Work task: Working through the records below, count the lines that include "Theorem". The reply is that number alone.

══ Data provided

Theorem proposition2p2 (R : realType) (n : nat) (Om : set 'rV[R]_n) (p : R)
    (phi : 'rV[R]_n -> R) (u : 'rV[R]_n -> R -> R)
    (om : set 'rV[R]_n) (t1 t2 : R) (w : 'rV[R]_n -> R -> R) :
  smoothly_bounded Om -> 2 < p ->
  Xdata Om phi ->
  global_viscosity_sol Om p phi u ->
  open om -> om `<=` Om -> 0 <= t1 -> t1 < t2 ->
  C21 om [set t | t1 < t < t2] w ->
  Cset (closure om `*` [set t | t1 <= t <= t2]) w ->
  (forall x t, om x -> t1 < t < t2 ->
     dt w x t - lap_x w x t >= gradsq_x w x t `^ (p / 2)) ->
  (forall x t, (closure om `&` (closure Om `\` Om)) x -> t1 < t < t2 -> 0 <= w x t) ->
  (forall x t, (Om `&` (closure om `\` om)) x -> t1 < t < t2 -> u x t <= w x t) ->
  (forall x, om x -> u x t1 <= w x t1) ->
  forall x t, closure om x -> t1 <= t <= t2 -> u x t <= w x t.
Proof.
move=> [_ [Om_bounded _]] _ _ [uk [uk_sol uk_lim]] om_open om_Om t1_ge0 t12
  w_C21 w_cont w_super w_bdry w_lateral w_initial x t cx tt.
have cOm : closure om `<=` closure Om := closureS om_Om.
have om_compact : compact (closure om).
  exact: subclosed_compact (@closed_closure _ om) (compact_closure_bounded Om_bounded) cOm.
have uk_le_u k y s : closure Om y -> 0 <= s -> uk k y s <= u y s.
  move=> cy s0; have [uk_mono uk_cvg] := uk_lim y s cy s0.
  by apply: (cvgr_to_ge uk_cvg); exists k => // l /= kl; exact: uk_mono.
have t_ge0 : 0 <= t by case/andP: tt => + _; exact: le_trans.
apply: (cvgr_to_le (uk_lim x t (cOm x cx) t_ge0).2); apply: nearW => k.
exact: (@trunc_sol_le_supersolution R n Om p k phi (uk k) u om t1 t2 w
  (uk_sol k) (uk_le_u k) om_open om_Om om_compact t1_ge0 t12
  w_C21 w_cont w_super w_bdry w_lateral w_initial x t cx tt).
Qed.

════
══ Data provided

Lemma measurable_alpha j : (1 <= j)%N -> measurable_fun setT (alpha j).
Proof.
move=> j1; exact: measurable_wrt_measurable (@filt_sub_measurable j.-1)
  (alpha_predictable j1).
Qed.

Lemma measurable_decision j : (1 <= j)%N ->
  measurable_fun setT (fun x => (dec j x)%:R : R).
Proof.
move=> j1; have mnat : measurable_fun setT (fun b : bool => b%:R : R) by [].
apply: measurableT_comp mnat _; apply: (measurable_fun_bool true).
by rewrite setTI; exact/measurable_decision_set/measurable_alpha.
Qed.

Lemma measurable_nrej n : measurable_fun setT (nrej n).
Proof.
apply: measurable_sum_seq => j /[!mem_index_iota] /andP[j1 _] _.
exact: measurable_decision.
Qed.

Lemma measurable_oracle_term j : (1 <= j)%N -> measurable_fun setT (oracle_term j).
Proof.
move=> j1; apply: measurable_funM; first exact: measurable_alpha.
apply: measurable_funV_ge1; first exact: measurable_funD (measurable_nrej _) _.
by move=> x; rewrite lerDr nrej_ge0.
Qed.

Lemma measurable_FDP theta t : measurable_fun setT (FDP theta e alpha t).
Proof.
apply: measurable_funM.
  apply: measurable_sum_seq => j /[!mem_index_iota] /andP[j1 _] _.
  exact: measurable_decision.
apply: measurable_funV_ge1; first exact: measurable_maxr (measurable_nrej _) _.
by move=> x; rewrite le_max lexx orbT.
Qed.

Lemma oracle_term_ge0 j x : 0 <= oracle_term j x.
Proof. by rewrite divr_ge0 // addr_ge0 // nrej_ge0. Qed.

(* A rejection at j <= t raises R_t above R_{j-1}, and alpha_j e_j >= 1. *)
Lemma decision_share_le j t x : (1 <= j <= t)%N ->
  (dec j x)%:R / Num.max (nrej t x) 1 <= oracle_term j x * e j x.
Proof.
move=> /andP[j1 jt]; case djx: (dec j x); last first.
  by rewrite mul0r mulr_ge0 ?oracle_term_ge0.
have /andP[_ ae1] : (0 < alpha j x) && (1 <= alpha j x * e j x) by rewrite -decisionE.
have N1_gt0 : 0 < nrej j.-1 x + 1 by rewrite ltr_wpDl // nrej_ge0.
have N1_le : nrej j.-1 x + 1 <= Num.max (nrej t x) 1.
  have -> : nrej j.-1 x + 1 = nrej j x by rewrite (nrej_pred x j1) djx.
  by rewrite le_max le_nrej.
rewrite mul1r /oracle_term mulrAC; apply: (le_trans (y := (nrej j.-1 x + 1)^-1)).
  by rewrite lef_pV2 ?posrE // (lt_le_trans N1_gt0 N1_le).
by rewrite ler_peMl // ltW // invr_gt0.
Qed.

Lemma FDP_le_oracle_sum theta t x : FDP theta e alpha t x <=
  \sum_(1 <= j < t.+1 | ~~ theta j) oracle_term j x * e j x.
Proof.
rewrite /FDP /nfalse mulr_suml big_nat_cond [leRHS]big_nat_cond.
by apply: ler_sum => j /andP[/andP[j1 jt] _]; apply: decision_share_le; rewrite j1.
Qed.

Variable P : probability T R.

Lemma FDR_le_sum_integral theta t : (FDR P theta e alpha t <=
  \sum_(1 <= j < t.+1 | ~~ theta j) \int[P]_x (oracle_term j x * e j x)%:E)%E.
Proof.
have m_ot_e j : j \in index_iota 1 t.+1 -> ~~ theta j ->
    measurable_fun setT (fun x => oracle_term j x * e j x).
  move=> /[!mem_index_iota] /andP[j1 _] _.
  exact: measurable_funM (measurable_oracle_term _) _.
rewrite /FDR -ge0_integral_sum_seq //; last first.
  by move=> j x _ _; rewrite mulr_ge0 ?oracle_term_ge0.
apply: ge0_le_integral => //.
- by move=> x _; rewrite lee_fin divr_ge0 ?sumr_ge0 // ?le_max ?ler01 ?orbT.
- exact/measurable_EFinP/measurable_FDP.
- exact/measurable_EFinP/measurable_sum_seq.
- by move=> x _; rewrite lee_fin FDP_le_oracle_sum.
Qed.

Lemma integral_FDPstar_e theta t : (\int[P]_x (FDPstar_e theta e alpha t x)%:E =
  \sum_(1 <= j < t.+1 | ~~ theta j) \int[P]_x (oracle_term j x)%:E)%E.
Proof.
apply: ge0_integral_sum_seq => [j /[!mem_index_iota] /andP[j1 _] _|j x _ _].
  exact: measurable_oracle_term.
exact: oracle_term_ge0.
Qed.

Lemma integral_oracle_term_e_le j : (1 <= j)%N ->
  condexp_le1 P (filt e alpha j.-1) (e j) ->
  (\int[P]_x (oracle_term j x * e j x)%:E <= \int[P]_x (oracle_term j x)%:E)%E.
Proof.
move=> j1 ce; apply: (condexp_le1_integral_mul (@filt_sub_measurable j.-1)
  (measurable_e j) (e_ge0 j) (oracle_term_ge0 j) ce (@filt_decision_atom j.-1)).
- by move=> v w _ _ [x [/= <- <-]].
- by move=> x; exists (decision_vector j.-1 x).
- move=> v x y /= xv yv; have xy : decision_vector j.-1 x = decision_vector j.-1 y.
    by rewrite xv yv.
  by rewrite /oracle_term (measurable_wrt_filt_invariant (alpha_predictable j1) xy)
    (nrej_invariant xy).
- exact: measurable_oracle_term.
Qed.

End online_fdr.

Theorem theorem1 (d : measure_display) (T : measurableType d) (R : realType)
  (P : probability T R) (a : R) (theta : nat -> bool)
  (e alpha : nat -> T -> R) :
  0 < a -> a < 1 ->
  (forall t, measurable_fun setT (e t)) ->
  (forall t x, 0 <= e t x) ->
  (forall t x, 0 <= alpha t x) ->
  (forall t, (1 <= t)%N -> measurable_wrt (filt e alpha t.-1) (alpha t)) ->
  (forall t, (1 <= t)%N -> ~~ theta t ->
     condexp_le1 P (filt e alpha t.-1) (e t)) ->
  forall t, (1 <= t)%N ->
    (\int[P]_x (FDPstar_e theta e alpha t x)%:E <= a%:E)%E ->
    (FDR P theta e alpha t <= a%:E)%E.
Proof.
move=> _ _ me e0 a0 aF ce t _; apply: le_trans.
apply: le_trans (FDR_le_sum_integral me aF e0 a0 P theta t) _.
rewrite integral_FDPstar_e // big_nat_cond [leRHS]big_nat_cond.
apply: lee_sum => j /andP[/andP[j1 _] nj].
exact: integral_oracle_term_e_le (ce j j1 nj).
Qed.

════

Response area: 2